The 9/11 bill, in particular, traveled from near-certain oblivion to passage by unanimous consent in a matter of days. The key was an agreement Wednesday with Sen. Tom Coburn, R-Okla., to reduce the overall cost of the legislation. Following the Senate vote, the House passed the bill and sent it to the president’s desk.
But the Republicans weren’t helped by news coverage that portrayed the GOP as on the other side of an issue involving the attacks on New York and Washington. “It’s amazing they chose to make that their last stand,” said Matt Bennett, an analyst with Third Way, a centric Democratic think tank in Washington.
That came on the heels of GOP opposition to a nuclear-arms reduction treaty with Russia that enables the United States to monitor the former Soviet nuclear stockpile, to a bill that repealed a Pentagon practice that was seen as discriminating against gays and lesbians, and to a bill, the DREAM Act, of high importance to the Latino community. The issues were far from the tax-and-spending message that Republicans had so consistently and successfully employed during the congressional elections.

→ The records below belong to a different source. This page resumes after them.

(* For integers $k\ge1$ and $q\ge2$, \[ \sum_{n=1}^\infty\frac{P_k(H_n,H_n^{(2)},\dots,H_n^{(k)})}{n(n+1)\cdots(n+q-1)}=\frac{1}{(q-1)!}\Big[\zeta(k+1)-\sum_{j=1}^{q-2}\frac{1}{j^{k+1}}\Big]. \]
   Context: For integers $r\ge1$ and $n\ge0$, $H_n^{(r)}=\sum_{j=1}^n j^{-r}$ and $H_n=H_n^{(1)}$. For $n\ge1$, $P_n(y_1,\dots,y_n)=\sum_{m_1+2m_2+\cdots=n}\frac{(-1)^{m_2+m_4+\cdots}}{m_1!m_2!\cdots}\prod_{i\ge1}(y_i/i)^{m_i}$. $\zeta$ is the Riemann zeta function. *)

From Stdlib Require Import Reals List Arith Factorial.
Import ListNotations.
Open Scope R_scope.

Fixpoint Hr (r n : nat) : R :=
  match n with
  | O => 0
  | S m => Hr r m + / (INR (S m)) ^ r
  end.

Fixpoint vecs (len bound : nat) : list (list nat) :=
  match len with
  | O => [ [] ]
  | S l => flat_map (fun a => map (fun v => a :: v) (vecs l bound)) (seq 0 (S bound))
  end.

(* For a list m = [m_1; ...; m_k] (the entry at position i-1 is m_i):
   weighted size  m_1 + 2 m_2 + ... + k m_k *)
Fixpoint wsize_from (i : nat) (m : list nat) : nat :=
  match m with
  | [] => O
  | a :: t => (i * a + wsize_from (S i) t)%nat
  end.

Fixpoint evensum_from (i : nat) (m : list nat) : nat :=
  match m with
  | [] => O
  | a :: t => ((if Nat.even i then a else O) + evensum_from (S i) t)%nat
  end.

Fixpoint prodterm_from (i : nat) (y : nat -> R) (m : list nat) : R :=
  match m with
  | [] => 1
  | a :: t => (y i / INR i) ^ a / INR (fact a) * prodterm_from (S i) y t
  end.

(* The partitions of n, encoded as multiplicity vectors (m_1,...,m_n)
   with m_1 + 2 m_2 + ... + n m_n = n (multiplicities m_i with i > n vanish). *)
Definition partitions (n : nat) : list (list nat) :=
  filter (fun m => Nat.eqb (wsize_from 1 m) n) (vecs n n).

(* P_n(y_1,...,y_n) = sum_{m_1+2m_2+...=n} (-1)^{m_2+m_4+...}/(m_1! m_2! ...)
                        prod_i (y_i/i)^{m_i}.
   The variables are given as a function y : nat -> R, y i = y_i. *)
Definition Ppoly (n : nat) (y : nat -> R) : R :=
  fold_right Rplus 0
    (map (fun m => (-1) ^ (evensum_from 1 m) * prodterm_from 1 y m) (partitions n)).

Republicans “were confronted by a number of issues that were difficult for a lot of members of the caucus to oppose,” Bennett said. “Their discipline crumbled.”
But some other Senate Republicans didn’t share Graham’s view that Reid and the Democrats had gotten the best of them. “I don’t feel that way at all,” said Sen. Bob Corker of Tennessee, who voted in favor of the START treaty. He cited the tax deal and the three-month budget resolution. “We had a very good lame duck, and we set ourselves up to perform on deficit reduction.”
Still, it was hard not to view the START vote as anything but a stumble for the GOP. Senate Minority Leader Mitch McConnell of Kentucky, along with Sens. John McCain and Jon Kyl of Arizona, led a furious charge against the treaty, the ratification of which required 67 votes.
Instead, the treaty drew four more than that, with 13 Republicans joining every Democrat to ratify the agreement – although supporters had hoped for even more. It was clear, however, as the hours passed Wednesday, that the fight was lost and members wanted to leave Washington for the Christmas holiday.
“Everybody wants to get home,” Kyl lamented, while summarizing his opposition.